Surely, then, if gender was important to a higher power, this would be a key indicator. This train of thought seemed to point to the possibility that so many Christians were wrong. That God wasn't the Father. She was our Mother.
And on the wind there was regret.
"And he was getting so close, too..."
What made the genders different? Particularly beyond aesthetics and reproductive functions that would be irrelevant to a being possessive of the power that has been attributed to God.
After all, men and women are equal, right? Of course not. You pick two men and any one subject and one of them will prove superior. The same is true with women or mixed company. This is just on the individual level though. Still, there are marked differences between men and women. Physical, mental and psychological factors that are keyed to the different genders. (Now don't start some feminist rant on this. I haven't stated better or worse, but those differences are there.) The question is whether the attributes offered to either gender become relevant on a God level.
The physical and reproductive qualities are obviously not relevant to God. The psychological factors might be, though. So this was something I then had to pursue. What relevant differences would there be in attributing an alternate gender to God?
First and foremost came the impressions I got from the commonly used term "father" for God and the difference in using the term "mother." This might influence my personal comfort level or impression, but was there something deeper? Something that would more generally influence? Barring the question of who actually gave birth, are there different roles here? There are.
Regardless of how much a man loves the child that he has sired, few will actually be maternal. They will be protective. Mothers are also protective of their children, but it is in a different way. I am not sure I could fully explain what the maternal reaction would be, but it is there. You can see it and feel it. Even in mothers of adopted children, so it isn't merely a knowledge that the child grew within you.
Of course this is only one amorphous issue, but one that gave me pause. This was the first clearer definition I had of what was missing. The church was not maternal. The love of a father for his child could be felt at points within the church, but not of a mother. The mother figure had been removed.
So this leads me to start considering and investigating my faith experience based on this. Had this lack been part of what had started me thinking about this? How serious of a point was this?
I sat back and reflected on one of the tenets of my Christian upbringing. He created them in his image. Male and female he created them. I realized that in this might be an insinuation. One that should be read anyway. If God created man and woman in his image, are there parts of them that can be found in each of them? Futher, as far as I am aware, all multi-celullar organisms have male and female entities. If God's power to otherwise effect things wasn't limited (a whole other question altogether) why would they have been created male and female? What purpose did genders serve in the master plan?
Time to back pedal for a moment. Why was the God of the Christian church assigned a male gender to begin with?
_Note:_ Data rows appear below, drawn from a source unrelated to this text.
(* Let $f(z)=\sum_{k=0}^\infty a_kz^{n_k}$ be analytic in $\mathbb D$, where $\{n_k\}$ are positive integers with $n_{k+1}\ge\lambda n_k$ for all $k$ and some $\lambda>1$. If $\sum_{k=0}^\infty|a_k|^2(\log n_k)^3<\infty$, then $f\in BMOA_{\log}\cap H^\infty$.
   Context: $\mathbb D$ is the open unit disc, $dA=\frac1\pi dx\,dy$, $H^\infty$ is the space of bounded analytic functions on $\mathbb D$. For an arc $I\subset\partial\mathbb D$ of length $|I|$, $S(I)=\{re^{it}: e^{it}\in I,\ 1-\frac{|I|}{2\pi}\le r<1\}$. $BMOA_{\log}$ is the space of $g\in H^1$ for which there is $C>0$ with $\int_{S(I)}(1-|z|^2)|g'(z)|^2\,dA(z)\le C|I|\left(\log\frac{2}{|I|}\right)^{-2}$ for every arc $I$. *)

From Stdlib Require Import Reals.
Open Scope R_scope.

Definition Cx : Type := (R * R)%type.
Definition C0 : Cx := (0, 0).
Definition Cadd (z w : Cx) : Cx := (fst z + fst w, snd z + snd w).
Definition Copp (z : Cx) : Cx := (- fst z, - snd z).
Definition Csub (z w : Cx) : Cx := Cadd z (Copp w).
Definition Cmul (z w : Cx) : Cx :=
  (fst z * fst w - snd z * snd w, fst z * snd w + snd z * fst w).
Fixpoint Cpow (z : Cx) (n : nat) : Cx :=
  match n with O => (1, 0) | S m => Cmul z (Cpow z m) end.
Definition Cnorm (z : Cx) : R := sqrt (fst z ^ 2 + snd z ^ 2).
Definition polar (r t : R) : Cx := (r * cos t, r * sin t).

Definition inD (z : Cx) : Prop := Cnorm z < 1.

Definition has_cderiv (g : Cx -> Cx) (z w : Cx) : Prop :=
  forall eps, 0 < eps -> exists delta, 0 < delta /\
    forall h, Cnorm h < delta ->
      Cnorm (Csub (Csub (g (Cadd z h)) (g z)) (Cmul w h)) <= eps * Cnorm h.

Definition int1 (g : R -> R) (a b V : R) : Prop :=
  Un_cv (fun n => ((b - a) / INR (S n)) *
     sum_f_R0 (fun i => g (a + (INR i + / 2) * (b - a) / INR (S n))) n) V.

Definition int2 (g : R -> R -> R) (a b c d V : R) : Prop :=
  Un_cv (fun n => ((b - a) / INR (S n)) * ((d - c) / INR (S n)) *
     sum_f_R0 (fun i => sum_f_R0 (fun j =>
        g (a + (INR i + / 2) * (b - a) / INR (S n))
          (c + (INR j + / 2) * (d - c) / INR (S n))) n) n) V.

Definition bounded_on_D (g : Cx -> Cx) : Prop :=
  exists M, forall z, inD z -> Cnorm (g z) <= M.

Definition H1 (g : Cx -> Cx) : Prop :=
  (forall z, inD z -> exists w, has_cderiv g z w) /\
  exists M, forall r, 0 <= r < 1 ->
    exists V, int1 (fun t => Cnorm (g (polar r t))) 0 (2 * PI) V /\
              V / (2 * PI) <= M.

Definition Hinf (g : Cx -> Cx) : Prop :=
  (forall z, inD z -> exists w, has_cderiv g z w) /\ bounded_on_D g.

(* The arc I = { e^{it} : t0 <= t <= t0 + l }, 0 < l <= 2 pi, |I| = l.
   S(I) = { r e^{it} : t in [t0, t0+l], 1 - l/(2 pi) <= r < 1 }.
   With dA = (1/pi) dx dy = (1/pi) r dr dt, the integral
     int_{S(I)} (1-|z|^2) |g'(z)|^2 dA(z)
   is the (monotone) limit as rho -> 1- of the integrals over the polar
   rectangles [t0, t0+l] x [1 - l/(2pi), rho]; so "integral <= B" means each
   of these truncated integrals is <= B.  The bound C |I| (log(2/|I|))^{-2}
   is written multiplied out, V * (log(2/|I|))^2 <= C |I|, so that it is
   +infinity (no constraint) exactly when log(2/|I|) = 0. *)
Definition carleson_box_bound (g' : Cx -> Cx) (K : R) (t0 l : R) : Prop :=
  forall rho, 1 - l / (2 * PI) <= rho < 1 ->
    exists V,
      int2 (fun t r => / PI * ((1 - r ^ 2) * (Cnorm (g' (polar r t))) ^ 2 * r))
           t0 (t0 + l) (1 - l / (2 * PI)) rho V /\
      V * (ln (2 / l)) ^ 2 <= K * l.

Definition BMOA_log (g : Cx -> Cx) : Prop :=
  H1 g /\
  exists g' : Cx -> Cx, (forall z, inD z -> has_cderiv g z (g' z)) /\
  exists K, 0 < K /\
    forall t0 l, 0 < l <= 2 * PI -> carleson_box_bound g' K t0 l.

Fixpoint lac_psum (a : nat -> Cx) (n : nat -> nat) (z : Cx) (N : nat) : Cx :=
  match N with
  | O => Cmul (a O) (Cpow z (n O))
  | S M => Cadd (lac_psum a n z M) (Cmul (a (S M)) (Cpow z (n (S M))))
  end.

From Coquelicot Require Import Coquelicot.
From Stdlib Require Import Reals Lra Lia Psatz ZArith FunctionalExtensionality.
Open Scope R_scope.

(* (1) Gap growth gives log n_k >= k log lambda, so AM-GM against the weight
       (log n_k)^3 yields sum_k |a_k| < oo: f is bounded, Lipschitz on smaller
       discs, and the termwise derivative f' = sum_k a_k n_k z^(n_k - 1) is its
       complex derivative (Taylor remainder estimate for each z^(n_k)).
   (2) The lacunary estimate sum_k n_k s^(n_k) <= C_lambda / (1 - s) and
       Cauchy-Schwarz give |f'(z)|^2 (1 - |z|) <= C sum_k |a_k|^2 n_k ((1+|z|)/2)^(n_k).
   (3) On a Carleson box of side l = 2 pi h the radial integral of n ((1+r)/2)^n is
       at most min(n h, 2), and min(n h, 2) log^2(1/h) <= C (1 + log^3 n); summing
       against |a_k|^2 gives the bound C |I| log^(-2)(2/|I|). *)

(** * Midpoint sums and Riemann integrals of Lipschitz functions *)

(* For
   Lipschitz integrands the midpoint sums converge to the Coquelicot integral
   [RInt] at rate O(1/n), which lets us compute and estimate with [RInt]. *)

Definition lipschitz (G : R -> R) (K : R) : Prop :=
  forall u v, Rabs (G u - G v) <= K * Rabs (u - v).

Definition lipschitz_on_rect (g : R -> R -> R) (a b c d K : R) : Prop :=
  forall t t' r r', a <= t <= b -> a <= t' <= b -> c <= r <= d -> c <= r' <= d ->
    Rabs (g t r - g t' r') <= K * (Rabs (t - t') + Rabs (r - r')).

Lemma lipschitz_continuous (G : R -> R) (K x : R) :
  lipschitz G K -> continuous G x.
Proof.
  intros HL. apply continuity_pt_filterlim. intros eps Heps.
  pose proof (Rabs_pos K) as HK.
  exists (eps / (Rabs K + 1)). split.
  { apply Rdiv_lt_0_compat; lra. }
  intros y [_ Hy]. simpl in Hy. unfold R_dist in *.
  assert (Hd : Rabs (y - x) < eps / (Rabs K + 1)) by exact Hy.
  assert (Hd' : (Rabs K + 1) * Rabs (y - x) < eps).
  { apply (Rmult_lt_compat_l (Rabs K + 1)) in Hd; [| lra].
    replace ((Rabs K + 1) * (eps / (Rabs K + 1))) with eps in Hd by (field; lra). exact Hd. }
  pose proof (HL y x). pose proof (Rabs_pos (y - x)).
  assert (K * Rabs (y - x) <= Rabs K * Rabs (y - x))
    by (apply Rmult_le_compat_r; [lra | apply RRle_abs]).
  change (Rabs (G y - G x) < eps). nra.
Qed.

Lemma lipschitz_ex_RInt (G : R -> R) (K a b : R) : lipschitz G K -> ex_RInt G a b.
Proof.
  intros HL. apply (ex_RInt_continuous (V := R_CompleteNormedModule)).
  intros z _. exact (lipschitz_continuous G K z HL).
Qed.

Lemma midpoint_cell_error (G : R -> R) (K x y : R) :
  x <= y -> 0 <= K -> lipschitz G K ->
  Rabs (RInt G x y - (y - x) * G ((x + y) / 2)) <= (y - x) * (K * (y - x)).
Proof.
  intros Hxy HK HL.
  assert (HI : is_RInt (fun t => G t - G ((x + y) / 2)) x y
                  (RInt G x y - (y - x) * G ((x + y) / 2))).
  { apply (is_RInt_minus (V := R_NormedModule)).
    - apply (RInt_correct (V := R_CompleteNormedModule)). exact (lipschitz_ex_RInt G K x y HL).
    - apply (is_RInt_const (V := R_NormedModule)). }
  rewrite <- (is_RInt_unique _ _ _ _ HI).
  apply abs_RInt_le_const; [exact Hxy | eexists; exact HI |].
  intros t Ht. eapply Rle_trans; [apply HL |].
  apply Rmult_le_compat_l; [exact HK |]. apply Rabs_le. lra.
Qed.

Definition midpoint_sum (G : R -> R) (a b : R) (n : nat) : R :=
  ((b - a) / INR (S n)) *
     sum_f_R0 (fun i => G (a + (INR i + / 2) * (b - a) / INR (S n))) n.

Lemma midpoint_partial_error (G : R -> R) (K a D : R) (j : nat) :
  0 <= D -> 0 <= K -> lipschitz G K ->
  Rabs (D * sum_f_R0 (fun i => G (a + INR i * D + D / 2)) j - RInt G a (a + INR (S j) * D))
    <= INR (S j) * D * (K * D).
Proof.
  intros HD HK HL. induction j as [|j IH].
  - pose proof (midpoint_cell_error G K a (a + D) ltac:(lra) HK HL) as H.
    replace (a + D - a) with D in H by ring.
    replace ((a + (a + D)) / 2) with (a + 0 * D + D / 2) in H by field.
    simpl sum_f_R0. replace (a + INR 1 * D) with (a + D) by (simpl; ring).
    rewrite Rabs_minus_sym. simpl INR. lra.
  - set (x := a + INR (S j) * D).
    assert (Hx : a + INR (S (S j)) * D = x + D) by (unfold x; rewrite (S_INR (S j)); ring).
    rewrite tech5, Hx.
    rewrite <- (RInt_Chasles (V := R_CompleteNormedModule) G a x (x + D))
      by (apply (lipschitz_ex_RInt G K); exact HL).
    pose proof (midpoint_cell_error G K x (x + D) ltac:(lra) HK HL) as Hc.
    replace (x + D - x) with D in Hc by ring.
    replace ((x + (x + D)) / 2) with (a + INR (S j) * D + D / 2) in Hc by (unfold x; field).
    set (s := sum_f_R0 (fun i => G (a + INR i * D + D / 2)) j) in *.
    set (g := G (a + INR (S j) * D + D / 2)) in *.
    replace (D * (s + g) - plus (RInt G a x) (RInt G x (x + D)))
      with ((D * s - RInt G a x) - (RInt G x (x + D) - D * g)) by (unfold plus; simpl; ring).
    eapply Rle_trans; [apply Rabs_triang |]. rewrite Rabs_Ropp.
    fold x in IH. rewrite (S_INR (S j)). lra.
Qed.

Lemma midpoint_sum_error (G : R -> R) (K a b : R) (n : nat) :
  a <= b -> 0 <= K -> lipschitz G K ->
  Rabs (midpoint_sum G a b n - RInt G a b) <= K * (b - a) ^ 2 / INR (S n).
Proof.
  intros Hab HK HL.
  assert (HSn : 0 < INR (S n)) by (apply lt_0_INR; lia).
  set (D := (b - a) / INR (S n)).
  assert (HD : 0 <= D) by (unfold D; apply Rdiv_le_0_compat; lra).
  pose proof (midpoint_partial_error G K a D n HD HK HL) as P.
  replace (a + INR (S n) * D) with b in P by (unfold D; field; lra).
  unfold midpoint_sum. fold D.
  replace (sum_f_R0 (fun i => G (a + (INR i + / 2) * (b - a) / INR (S n))) n)
    with (sum_f_R0 (fun i => G (a + INR i * D + D / 2)) n)
    by (apply sum_eq; intros i _; f_equal; unfold D; field; lra).
  eapply Rle_trans; [exact P |]. right. unfold D. field. lra.
Qed.

Lemma Un_cv_rate (u : nat -> R) (V M : R) :
  0 <= M -> (forall m, Rabs (u m - V) <= M / INR (S m)) -> Un_cv u V.
Proof.
  intros HM Hu eps Heps.
  destruct (archimed (M / eps)) as [Har _].
  assert (HMe : 0 <= M / eps) by (apply Rdiv_le_0_compat; lra).
  assert (Hpos : (0 <= up (M / eps))%Z) by (apply le_IZR; lra).
  exists (Z.to_nat (up (M / eps))). intros m Hm.
  unfold R_dist. eapply Rle_lt_trans; [apply Hu |].
  assert (HmI : IZR (up (M / eps)) <= INR m).
  { rewrite <- (Z2Nat.id (up (M / eps))) by lia. rewrite <- INR_IZR_INZ. apply le_INR. lia. }
  rewrite S_INR. pose proof (pos_INR m).
  apply (Rmult_lt_reg_r (INR m + 1)); [lra |].
  replace (M / (INR m + 1) * (INR m + 1)) with M by (field; lra).
  assert (M / eps * eps = M) by (field; lra). nra.
Qed.

Lemma int1_RInt (G : R -> R) (K a b : R) :
  a <= b -> 0 <= K -> lipschitz G K -> int1 G a b (RInt G a b).
Proof.
  intros Hab HK HL. apply (Un_cv_rate _ _ (K * (b - a) ^ 2)).
  - apply Rmult_le_pos; [lra | apply pow2_ge_0].
  - intros m. exact (midpoint_sum_error G K a b m Hab HK HL).
Qed.

(* Projection onto [a,b]; used to extend a function Lipschitz on a rectangle
   to a globally Lipschitz one without changing it on the rectangle. *)
Definition clamp (a b x : R) : R := Rmax a (Rmin b x).

Lemma clamp_in (a b x : R) : a <= b -> a <= clamp a b x <= b.
Proof. intros. unfold clamp, Rmax, Rmin. repeat destruct Rle_dec; lra. Qed.

Lemma clamp_id (a b x : R) : a <= x <= b -> clamp a b x = x.
Proof. intros. unfold clamp, Rmax, Rmin. repeat destruct Rle_dec; lra. Qed.

Lemma clamp_lipschitz (a b x y : R) :
  a <= b -> Rabs (clamp a b x - clamp a b y) <= Rabs (x - y).
Proof.
  intros. unfold clamp, Rmax, Rmin, Rabs.
  repeat destruct Rle_dec; repeat destruct Rcase_abs; lra.
Qed.

Definition clamped (g : R -> R -> R) (a b c d : R) (t r : R) : R :=
  g (clamp a b t) (clamp c d r).

Lemma clamped_lipschitz (g : R -> R -> R) (a b c d K : R) :
  a <= b -> c <= d -> 0 <= K -> lipschitz_on_rect g a b c d K ->
  forall t t' r r', Rabs (clamped g a b c d t r - clamped g a b c d t' r')
                    <= K * (Rabs (t - t') + Rabs (r - r')).
Proof.
  intros Hab Hcd HK HL t t' r r'. unfold clamped.
  eapply Rle_trans; [apply HL; apply clamp_in; assumption |].
  apply Rmult_le_compat_l; [exact HK |].
  pose proof (clamp_lipschitz a b t t' Hab). pose proof (clamp_lipschitz c d r r' Hcd). lra.
Qed.

Definition inner_integral (g : R -> R -> R) (a b c d : R) (t : R) : R :=
  RInt (clamped g a b c d t) c d.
In the desert, God said "I am." No gender there. In fact, there is no gender assignation until Jesus says, "Our father, who art in heaven...."
Is there a designation from Jesus here that God is in fact male? Probably not. One must consider the culture within which this message was being delivered. Would people accept the concept of God being female, even if it was true? Doubtful. Still, there is no clear designation here, nor any indication that God is required to have a gender.
So I can't define why God needs to have a gender at this point. How about any indication of what gender God might be based on our environment? Look at the creation to see a glimpse of the creator. This was a lot more enlightening.
Are there any particular benefits that one gender has over the other? Benefits that might hint at the gender of the deity creating them? One came to mind. The human female is the only creature on our planet with an organ that serves absolutely no purpose other than pleasure. (If any of you women reading this don't know what I am talking about, I am sorry for you. If any of you men don't know what I am talking about I am sorry for your women.)
Was this, then, definitive proof that God was in fact female? Hell no. But it is fun to point out. So searching further. Any other benefits males or females have over each other? Anything that would point to one gender or another? Anything men or women specifically do that the other gender can't?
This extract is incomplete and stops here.